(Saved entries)
(* Let $\Gamma$ be a Fuchsian group, viewed through its preimage in $\operatorname{SL}(2,\mathbb{R})$, and let $\beta\in\mathbb{R}\setminus\{0\}$ be such that $\Gamma$ contains $\Gamma_\infty=\left\{\pm\begin{pmatrix}1&k\\0&1\end{pmatrix}:k\in\mathbb{Z}\right\}$ and $\Gamma_0=\left\{\pm\begin{pmatrix}1&0\\k\beta^2&1\end{pmatrix}:k\in\mathbb{Z}\right\}$, where $\Gamma_\infty$ is the full stabilizer of $\infty$ in $\Gamma$ and $\Gamma_0$ the full stabilizer of $0$. If $\#\{\mathrm{Tr}(\Gamma)\cap[-n,n]\}=o(n\log n)$, then $A^2\in\operatorname{PSL}(2,\mathbb{Q})$ for every $A\in\Gamma$ (i.e. $\pm A^2$ has rational entries).
   Context: $\mathrm{Tr}(\Gamma)$ is the set of traces of all lifts to $\operatorname{SL}(2,\mathbb{R})$ of elements of $\Gamma$. $f=o(g)$ means $f(n)/g(n)\to0$. *)

From Stdlib Require Import Reals Ensembles Finite_sets ZArith.
From Coquelicot Require Import Coquelicot.
Open Scope R_scope.

(* 2x2 real matrices [[ma, mb], [mc, md]] *)
Record Mat2 := mk2 { ma : R; mb : R; mc : R; md : R }.

Definition mmul (A B : Mat2) : Mat2 :=
  mk2 (ma A * ma B + mb A * mc B) (ma A * mb B + mb A * md B)
      (mc A * ma B + md A * mc B) (mc A * mb B + md A * md B).
Definition mdet (A : Mat2) : R := ma A * md A - mb A * mc A.
Definition mtr (A : Mat2) : R := ma A + md A.
Definition mopp (A : Mat2) : Mat2 := mk2 (- ma A) (- mb A) (- mc A) (- md A).
Definition mid : Mat2 := mk2 1 0 0 1.
(* inverse of a determinant-one matrix *)
Definition minv (A : Mat2) : Mat2 := mk2 (md A) (- mb A) (- mc A) (ma A).

(* A Fuchsian group, viewed through its full preimage in SL(2,R):
   a subgroup of SL(2,R) containing -I, which is discrete
   (the identity is isolated). *)
Definition fuchsian_preimage (G : Mat2 -> Prop) : Prop :=
  (forall g, G g -> mdet g = 1) /\
  G mid /\
  (forall g h, G g -> G h -> G (mmul g h)) /\
  (forall g, G g -> G (minv g)) /\
  G (mopp mid) /\
  (exists eps, eps > 0 /\ forall g, G g ->
      Rabs (ma g - 1) < eps -> Rabs (mb g) < eps ->
      Rabs (mc g) < eps -> Rabs (md g - 1) < eps -> g = mid).

(* Moebius action z |-> (az+b)/(cz+d): g fixes infinity iff c = 0,
   g fixes 0 iff b = 0. *)
Definition fixes_inf (g : Mat2) : Prop := mc g = 0.
Definition fixes_zero (g : Mat2) : Prop := mb g = 0.

Definition Gamma_inf (g : Mat2) : Prop :=
  exists k : Z, g = mk2 1 (IZR k) 0 1 \/ g = mopp (mk2 1 (IZR k) 0 1).
Definition Gamma_zero (beta : R) (g : Mat2) : Prop :=
  exists k : Z, g = mk2 1 0 (IZR k * beta ^ 2) 1 \/
                g = mopp (mk2 1 0 (IZR k * beta ^ 2) 1).

Definition TrSet (G : Mat2 -> Prop) : Ensemble R :=
  fun t => exists g, G g /\ t = mtr g.

Definition trace_window (G : Mat2 -> Prop) (n : nat) : Ensemble R :=
  fun t => TrSet G t /\ - INR n <= t <= INR n.

Definition is_rational (x : R) : Prop :=
  exists p q : Z, q <> 0%Z /\ x = IZR p / IZR q.

Definition rational_mat (A : Mat2) : Prop :=
  is_rational (ma A) /\ is_rational (mb A) /\
  is_rational (mc A) /\ is_rational (md A).

(* Let T and L be the unipotent generators of the two cusp stabilisers, with
   lower-left entry x = beta^2 for L, and let A = [[a, b], [c, d]] be in the
   group with a <> 0.  For fixed m, the traces of T^k L^m A form the arithmetic
   progression s_m + k (c + m x a), k in Z.  If c / (x a) were irrational, two
   of these progressions would share at most one point, so the first M of them
   would put a constant times n log M distinct traces in [-n, n], up to M^2
   coincidences; at n = M^2 this contradicts the o(n log n) hypothesis.  Hence
   c / (x a) is rational, and likewise b / a (using L^k A T^m).  Applied to T L
   this gives x rational, and applied to A L^m it gives d / a rational.  So A is
   a times a rational matrix with a^2 = 1 / det rational, and A^2 is rational;
   the case a = 0 reduces to T A. *)

From Stdlib Require Import Reals Ensembles Finite_sets ZArith.
From Coquelicot Require Import Coquelicot.
From Stdlib Require Import Finite_sets_facts List Lra Lia Classical.
Open Scope R_scope.

Lemma rat_IZR (z : Z) : is_rational (IZR z).
Proof. exists z, 1%Z; split; [lia|simpl; field]. Qed.

Lemma rat_add (a b : R) : is_rational a -> is_rational b -> is_rational (a + b).
Proof.
  intros [p1 [q1 [Hq1 ->]]] [p2 [q2 [Hq2 ->]]].
  exists (p1 * q2 + p2 * q1)%Z, (q1 * q2)%Z; split; [lia|].
  rewrite plus_IZR, !mult_IZR; field; split; apply not_0_IZR; assumption.
Qed.

Lemma rat_mul (a b : R) : is_rational a -> is_rational b -> is_rational (a * b).
Proof.
  intros [p1 [q1 [Hq1 ->]]] [p2 [q2 [Hq2 ->]]].
  exists (p1 * p2)%Z, (q1 * q2)%Z; split; [lia|].
  rewrite !mult_IZR; field; split; apply not_0_IZR; assumption.
Qed.

Lemma rat_opp (a : R) : is_rational a -> is_rational (- a).
Proof.
  intros Ha; replace (- a) with (IZR (-1) * a) by (simpl; ring).
  apply rat_mul; [apply rat_IZR|exact Ha].
Qed.

Lemma rat_sub (a b : R) : is_rational a -> is_rational b -> is_rational (a - b).
Proof. intros Ha Hb; apply rat_add; [exact Ha|apply rat_opp, Hb]. Qed.

(* No side condition: [/ 0 = 0] in Stdlib. *)
Lemma rat_inv (a : R) : is_rational a -> is_rational (/ a).
Proof.
  intros [p [q [Hq ->]]].
  destruct (Z.eq_dec p 0) as [->|Hp].
  - exists 0%Z, 1%Z; split; [lia|unfold Rdiv; rewrite Rmult_0_l, Rinv_0; ring].
  - exists q, p; split; [exact Hp|field; split; apply not_0_IZR; assumption].
Qed.

Lemma rat_div (a b : R) : is_rational a -> is_rational b -> is_rational (a / b).
Proof. intros Ha Hb; apply rat_mul; [exact Ha|apply rat_inv, Hb]. Qed.

Section Counting.
Variables (A : Type) (eq_dec : forall x y : A, {x = y} + {x <> y}).

Lemma NoDup_length_le_cardinal (E : Ensemble A) (N : nat) (l : list A) :
  cardinal A E N -> NoDup l -> (forall x, List.In x l -> E x) -> (length l <= N)%nat.
Proof.
  revert E N; induction l as [|x l IH]; intros E N HE Hl Hin; simpl; [lia|].
  inversion_clear Hl as [|? ? Hx Hl'].
  assert (HxE : Ensembles.In A E x) by (apply Hin; left; reflexivity).
  assert (HN : (N > 0)%nat) by (apply (inh_card_gt_O _ E); [exists x|]; assumption).
  enough (length l <= Nat.pred N)%nat by lia.
  apply (IH _ _ (card_soustr_1 _ _ _ HE x HxE) Hl').
  intros y Hy; split; [apply Hin; right; exact Hy|].
  intros Hyx; inversion Hyx; subst; contradiction.
Qed.

(* Pigeonhole: sending each element to its least witness is injective. *)
Lemma NoDup_length_le_witnesses (P : nat -> A -> Prop)
    (P_dec : forall m x, {P m x} + {~ P m x}) (M : nat) (B : list A) :
  NoDup B ->
  (forall x, List.In x B -> exists m, (m < M)%nat /\ P m x) ->
  (forall m x y, (m < M)%nat -> List.In x B -> List.In y B -> P m x -> P m y -> x = y) ->
  (length B <= M)%nat.
Proof.
  intros HB Hwit Hinj.
  set (w x := find (fun m => if P_dec m x then true else false) (seq 0 M)).
  assert (w_spec : forall x, List.In x B -> exists m, w x = Some m /\ (m < M)%nat /\ P m x).
  { intros x Hx; unfold w.
    destruct (find _ _) as [m|] eqn:Hf.
    - apply find_some in Hf as [Hm Hp]; apply in_seq in Hm.
      destruct (P_dec m x); [|discriminate]. exists m; repeat split; lia || assumption.
    - destruct (Hwit x Hx) as [m [HmM Hm]].
      assert (Hm' := find_none _ _ Hf m ltac:(apply in_seq; lia)).
      simpl in Hm'; destruct (P_dec m x); [discriminate|contradiction]. }
  rewrite <- (length_map w B), <- (length_seq M 0), <- (length_map Some (seq 0 M)).
  apply NoDup_incl_length.
  - apply NoDup_map_NoDup_ForallPairs; [|exact HB].
    intros x y Hx Hy Hxy.
    destruct (w_spec x Hx) as [m [Ex [HmM Hmx]]], (w_spec y Hy) as [m' [Ey [_ Hmy]]].
    rewrite Ex, Ey in Hxy; injection Hxy as <-.
    exact (Hinj m x y HmM Hx Hy Hmx Hmy).
  - intros z Hz; apply in_map_iff in Hz as [x [<- Hx]].
    destruct (w_spec x Hx) as [m [-> [HmM _]]].
    apply in_map, in_seq; lia.
Qed.

Definition memb (x : A) (L : list A) : bool := if in_dec eq_dec x L then true else false.

Lemma memb_true x L : memb x L = true <-> List.In x L.
Proof. unfold memb; destruct (in_dec eq_dec x L); split; congruence || tauto. Qed.

Variable l : nat -> list A.
Hypothesis l_NoDup : forall m, NoDup (l m).
Hypothesis l_meet_once : forall m m' x y, m <> m' ->
  List.In x (l m) -> List.In x (l m') -> List.In y (l m) -> List.In y (l m') -> x = y.

Fixpoint union_upto (M : nat) : list A :=
  match M with
  | O => nil
  | S M => union_upto M ++ filter (fun x => negb (memb x (union_upto M))) (l M)
  end.

Lemma In_union_upto M x : List.In x (union_upto M) -> exists m, (m < M)%nat /\ List.In x (l m).
Proof.
  induction M as [|M IH]; simpl; [tauto|].
  intros [Hx|Hx]%in_app_or.
  - destruct (IH Hx) as [m [HmM Hm]]; exists m; split; [lia|exact Hm].
  - apply filter_In in Hx; exists M; split; [lia|tauto].
Qed.

Lemma NoDup_union_upto M : NoDup (union_upto M).
Proof.
  induction M as [|M IH]; simpl; [constructor|].
  apply NoDup_app; [exact IH|apply NoDup_filter, l_NoDup|].
  intros x Hx Hx'; apply filter_In in Hx' as [_ Hn].
  rewrite (proj2 (memb_true x _) Hx) in Hn; discriminate.
Qed.

(* The list [l M] meets each earlier [l m] at most once, so at most [M] of its
   elements were already counted. *)
Lemma union_upto_length_succ M :
  (length (union_upto M) + length (l M) <= length (union_upto (S M)) + M)%nat.
Proof.
  simpl; rewrite length_app.
  set (fresh x := negb (memb x (union_upto M))).
  rewrite <- (filter_length fresh (l M)).
  enough (length (filter (fun x => negb (fresh x)) (l M)) <= M)%nat by lia.
  assert (old_spec : forall x, List.In x (filter (fun x => negb (fresh x)) (l M)) ->
      List.In x (l M) /\ List.In x (union_upto M)).
  { intros x Hx; apply filter_In in Hx as [HxM Hx].
    unfold fresh in Hx; rewrite Bool.negb_involutive, memb_true in Hx; tauto. }
  apply (NoDup_length_le_witnesses (fun m x => List.In x (l m))
           (fun m x => in_dec eq_dec x (l m))).
  - apply NoDup_filter, l_NoDup.
  - intros x Hx; apply In_union_upto, old_spec, Hx.
  - intros m x y HmM Hx Hy Hmx Hmy.
    apply (l_meet_once M m); [lia|apply old_spec; exact Hx|exact Hmx|..];
      [apply old_spec; exact Hy|exact Hmy].
Qed.

End Counting.

Lemma Int_part_to_nat_bounds (r : R) :
  0 <= r -> INR (Z.to_nat (Int_part r)) <= r /\ r - 1 < INR (Z.to_nat (Int_part r)).
Proof.
  intros Hr; destruct (base_Int_part r) as [H1 H2].
  assert (Hp : (-1 < Int_part r)%Z) by (apply lt_IZR; simpl; lra).
  rewrite INR_IZR_INZ, Z2Nat.id by lia; lra.
Qed.

(* About [n / |e|] consecutive points [s + k e] of [[-n, n]]: with
   [k = up (- s / e) + j] the point is [e (t + j)] for some [0 < t <= 1]. *)
Definition progression_window (s e : R) (n : nat) : list R :=
  map (fun j => s + IZR (up (- s / e) + Z.of_nat j) * e)
      (seq 0 (Z.to_nat (Int_part (INR n / Rabs e)))).

Section ProgressionWindow.
Variables (s e : R) (n : nat).
Hypothesis e_neq0 : e <> 0.

Lemma NoDup_progression_window : NoDup (progression_window s e n).
Proof.
  apply NoDup_map_NoDup_ForallPairs; [|apply seq_NoDup].
  intros i j _ _ Hij.
  assert (Hk : IZR (up (- s / e) + Z.of_nat i) = IZR (up (- s / e) + Z.of_nat j))
    by (apply (Rmult_eq_reg_r e); [lra|exact e_neq0]).
  apply eq_IZR in Hk; lia.
Qed.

# [DESCRIPTION OF THE TASK]
The answer is the lines above between the line holding "(* 2x2 real matrices [[ma, mb], [mc, md]] *)" and the line holding "Definition is_rational (x", inclusive, each written out exactly, and no others.

# [WRITTEN ANSWER]
(* 2x2 real matrices [[ma, mb], [mc, md]] *)
Record Mat2 := mk2 { ma : R; mb : R; mc : R; md : R }.

Definition mmul (A B : Mat2) : Mat2 :=
  mk2 (ma A * ma B + mb A * mc B) (ma A * mb B + mb A * md B)
      (mc A * ma B + md A * mc B) (mc A * mb B + md A * md B).
Definition mdet (A : Mat2) : R := ma A * md A - mb A * mc A.
Definition mtr (A : Mat2) : R := ma A + md A.
Definition mopp (A : Mat2) : Mat2 := mk2 (- ma A) (- mb A) (- mc A) (- md A).
Definition mid : Mat2 := mk2 1 0 0 1.
(* inverse of a determinant-one matrix *)
Definition minv (A : Mat2) : Mat2 := mk2 (md A) (- mb A) (- mc A) (ma A).

(* A Fuchsian group, viewed through its full preimage in SL(2,R):
   a subgroup of SL(2,R) containing -I, which is discrete
   (the identity is isolated). *)
Definition fuchsian_preimage (G : Mat2 -> Prop) : Prop :=
  (forall g, G g -> mdet g = 1) /\
  G mid /\
  (forall g h, G g -> G h -> G (mmul g h)) /\
  (forall g, G g -> G (minv g)) /\
  G (mopp mid) /\
  (exists eps, eps > 0 /\ forall g, G g ->
      Rabs (ma g - 1) < eps -> Rabs (mb g) < eps ->
      Rabs (mc g) < eps -> Rabs (md g - 1) < eps -> g = mid).

(* Moebius action z |-> (az+b)/(cz+d): g fixes infinity iff c = 0,
   g fixes 0 iff b = 0. *)
Definition fixes_inf (g : Mat2) : Prop := mc g = 0.
Definition fixes_zero (g : Mat2) : Prop := mb g = 0.

Definition Gamma_inf (g : Mat2) : Prop :=
  exists k : Z, g = mk2 1 (IZR k) 0 1 \/ g = mopp (mk2 1 (IZR k) 0 1).
Definition Gamma_zero (beta : R) (g : Mat2) : Prop :=
  exists k : Z, g = mk2 1 0 (IZR k * beta ^ 2) 1 \/
                g = mopp (mk2 1 0 (IZR k * beta ^ 2) 1).

Definition TrSet (G : Mat2 -> Prop) : Ensemble R :=
  fun t => exists g, G g /\ t = mtr g.

Definition trace_window (G : Mat2 -> Prop) (n : nat) : Ensemble R :=
  fun t => TrSet G t /\ - INR n <= t <= INR n.

Definition is_rational (x : R) : Prop :=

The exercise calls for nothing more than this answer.